津波で被災した宮城県カキ養殖の復興のための支援
- 平成23年7月吉日
- 日仏海洋学会会長 ユベール・セカルディ
- フランス水産養殖侵攻協会会長 カトリーヌ・マリオジュウルス
- 日仏海洋学会会長 今脇 資郎
- 趣旨:
-
日仏海洋学会は,日本とフランスの海洋学および水産学の研究交流を促進することを目的として,1960年に創設された.
当初,海洋学分野でバチスカーフなどを用いた深海資源開発研究の交流を進めてきたが,1960年代後半から水産学分野で養殖技術研究の交流が活発に行われてきた.
フランスでは,1950年代に養殖分野の主要種であるヨーロッパガキおよびポルトガルガキの生産量が10万トンに達したが,その後,沿岸開発などの環境変化と都市化による排水などが原因で疾病による死亡率が高くなり,生産量が著しく減少し続けた.
そのため,1970年〜1973年の間に,日本の三陸沿岸,特に宮城県から,環境変化に強い日本産のマガキ稚貝1万トンがフランスに移植され,フランスのカキ生産の復興に大きく貢献した.
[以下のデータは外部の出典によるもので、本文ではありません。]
Variables (a g s0 s1 : R) (E K F X y : R -> R).
Hypotheses (Ha : 0 <= a) (Hs : s0 <= s1).
Hypothesis HE : forall t, s0 <= t <= s1 -> continuity_pt E t /\ 0 < E t.
Hypothesis HK : forall t, s0 <= t <= s1 -> continuity_pt K t /\ 0 < K t.
Hypothesis HF : locally_lipschitz F.
Hypothesis Hsys : forall t, s0 <= t <= s1 ->
  is_derive X t (spow (y t) a * E t) /\ is_derive y t (g * y t - K t * F (X t)).

Lemma spow_system_below_between c : (forall u, c <= u -> F u <= 0) ->
  X s0 < c -> X s1 < c -> forall t, s0 < t < s1 -> X t < c.
Proof.
  intros HFc.
  assert (Hs0 : s0 <= s0 <= s1) by lra.
  destruct (continuous_bounded_segment y s0 s1) as [My HMy].
  { intros t Ht; apply (is_derive_continuity_pt _ _ _ (proj2 (Hsys t Ht))). }
  destruct (continuous_bounded_segment X s0 s1) as [MX HMX].
  { intros t Ht; apply (is_derive_continuity_pt _ _ _ (proj1 (Hsys t Ht))). }
  destruct (continuous_bounded_segment E s0 s1) as [ME HME].
  { intros t Ht; apply HE, Ht. }
  destruct (continuous_bounded_segment K s0 s1) as [MK HMK].
  { intros t Ht; apply HK, Ht. }
  destruct (HF (MX + Rabs c)) as [L [HL0 HL]].
  assert (HMX0 : 0 <= MX) by (pose proof (HMX s0 Hs0); pose proof (Rabs_pos (X s0)); lra).
  assert (HMK0 : 0 <= MK) by (pose proof (HMK s0 Hs0); pose proof (Rabs_pos (K s0)); lra).
  apply (below_level_between X y (fun t => spow (y t) a * E t) (fun t => K t * F (X t))
           g (Rpower My a * ME) (MK * L)).
  - pose proof (HME s0 Hs0); pose proof (Rabs_pos (E s0)).
    apply Rmult_le_pos; [left; apply exp_pos | lra].
  - apply Rmult_le_pos; assumption.
  - exact Hsys.
  - intros t Ht.
    pose proof (opp_spow_le (y t) a My Ha (HMy t Ht)).
    pose proof (HE t Ht); pose proof (HME t Ht); pose proof (Rle_abs (E t)).
    assert (0 <= Rpower My a * pos_part (- y t)).
    { apply Rmult_le_pos; [left; apply exp_pos | apply pos_part_ge0]. }
    nra.
  - intros t Ht; destruct (HK t Ht) as [_ HKt].
    pose proof (HMK t Ht); pose proof (Rle_abs (K t)); pose proof (HMX t Ht).
    apply (forcing_le_pos_part _ _ _ _ _ _ (F c)); auto using Rle_refl; try lra.
    apply HL; pose proof (Rabs_pos c); pose proof (Rabs_pos (X t)); lra.
  - intros t Ht Hzero; destruct (HE t Ht) as [_ HEt].
    apply (spow_eq0 (y t) a).
    apply Rmult_integral in Hzero as [|]; lra.
Qed.

End SpowSystem.

Lemma spow_system_between (a g s0 s1 lo hi : R) (E K F X y : R -> R) :
  0 <= a -> s0 <= s1 ->
  (forall t, s0 <= t <= s1 -> continuity_pt E t /\ 0 < E t) ->
  (forall t, s0 <= t <= s1 -> continuity_pt K t /\ 0 < K t) ->
  locally_lipschitz F ->
  (forall u, hi <= u -> F u <= 0) -> (forall u, u <= lo -> 0 <= F u) ->
  (forall t, s0 <= t <= s1 ->
    is_derive X t (spow (y t) a * E t) /\ is_derive y t (g * y t - K t * F (X t))) ->
  lo < X s0 < hi -> lo < X s1 < hi -> forall t, s0 < t < s1 -> lo < X t < hi.
Proof.
  intros Ha Hs HE HK HF Hhi Hlo Hsys H0 H1 t Ht; split.
  - apply Ropp_lt_cancel.
    apply (spow_system_below_between a g s0 s1 E K (fun u => - F (- u))
             (fun t => - X t) (fun t => - y t)); try lra; auto.
    + apply locally_lipschitz_opp_reflect, HF.
    + intros t' Ht'; destruct (Hsys t' Ht') as [HX Hy].
      rewrite spow_opp, Ropp_involutive; split.
      * replace (- spow (y t') a * E t') with (- (spow (y t') a * E t')) by ring.
        apply (is_derive_opp X), HX.
      * replace (g * - y t' - K t' * - F (X t')) with (- (g * y t' - K t' * F (X t')))
          by ring.
        apply (is_derive_opp y), Hy.
    + intros u Hu; pose proof (Hlo (- u) ltac:(lra)); lra.
  - apply (spow_system_below_between a g s0 s1 E K F X y); tauto.
Qed.

Lemma truncation_sign (F : R -> R) lo hi : lo < 0 < hi ->
  (forall u, u < lo - 1 \/ hi + 1 < u -> F u = 0) ->
  (forall u, (lo - 1 <= u <= lo \/ hi <= u <= hi + 1) -> u * F u <= 0) ->
  (forall u, hi <= u -> F u <= 0) /\ (forall u, u <= lo -> 0 <= F u).
Proof.
  intros Hlohi Hzero Hsign; split; intros u Hu.
  - destruct (Rle_dec u (hi + 1)).
    + pose proof (Hsign u ltac:(lra)); nra.
    + rewrite Hzero by lra; lra.
  - destruct (Rle_dec (lo - 1) u).
    + pose proof (Hsign u ltac:(lra)); nra.
    + rewrite Hzero by lra; lra.
Qed.

Lemma is_derive_mul_exp_opp (x : R -> R) al v t :
  is_derive x t (al * x t + v) ->
  is_derive (fun t => x t * exp (- al * t)) t (v * exp (- al * t)).
Proof.
  intro Hx.
  replace (v * exp (- al * t))
    with ((al * x t + v) * exp (- al * t) + x t * (- al * exp (- al * t))) by ring.
  apply (is_derive_mult x (fun t => exp (- al * t))); [exact Hx | | intros; apply Rmult_comm].
  auto_derive; [easy | ring].
Qed.

Lemma continuity_pt_exp_lin m t : continuity_pt (fun t => exp (m * t)) t.
Proof.
  apply (is_derive_continuity_pt _ _ (m * exp (m * t))); auto_derive; [easy | ring].
Qed.

Lemma exp_weighted_continuity_pos (k : R -> R) m t :
  (forall r, 0 < r -> ex_derive k r) -> (forall r, 0 < r -> 0 < k r) ->
  continuity_pt (fun t => k (exp t) * exp (m * t)) t /\ 0 < k (exp t) * exp (m * t).
Proof.
  intros Hk Hkpos; split.
  - apply continuity_pt_mult; [|apply continuity_pt_exp_lin].
    apply (continuity_pt_comp exp k); [apply derivable_continuous_pt, derivable_pt_exp|].
    destruct (Hk (exp t) (exp_pos t)) as [dk Hdk]; exact (is_derive_continuity_pt _ _ _ Hdk).
  - apply Rmult_lt_0_compat; [apply Hkpos|]; apply exp_pos.
Qed.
日本産マガキの新しい環境への優れた適応能力のおかげで,フランスのカキ養殖の生産は再び急速に回復し,1990年代には15万トンに達した.
このため太平洋産マガキを,フランスでは「日本のカキ:Les huitres japonaises」と呼ぶようになった.
日仏海洋学会は,研究者交流等を通じて,フランスのカキ養殖の危機救済に非常に大きな貢献を果たすことができた.
これは,日仏海洋学会の誇りである.
今回,東日本大地震に伴う津波によって宮城県のカキ生産業者が甚大な被害を被ったことに対して,フランスの仏日海洋学会および関係者から,義援金を募り被災した漁業者を支援したいという強い申し出が日仏海洋学会に寄せられた.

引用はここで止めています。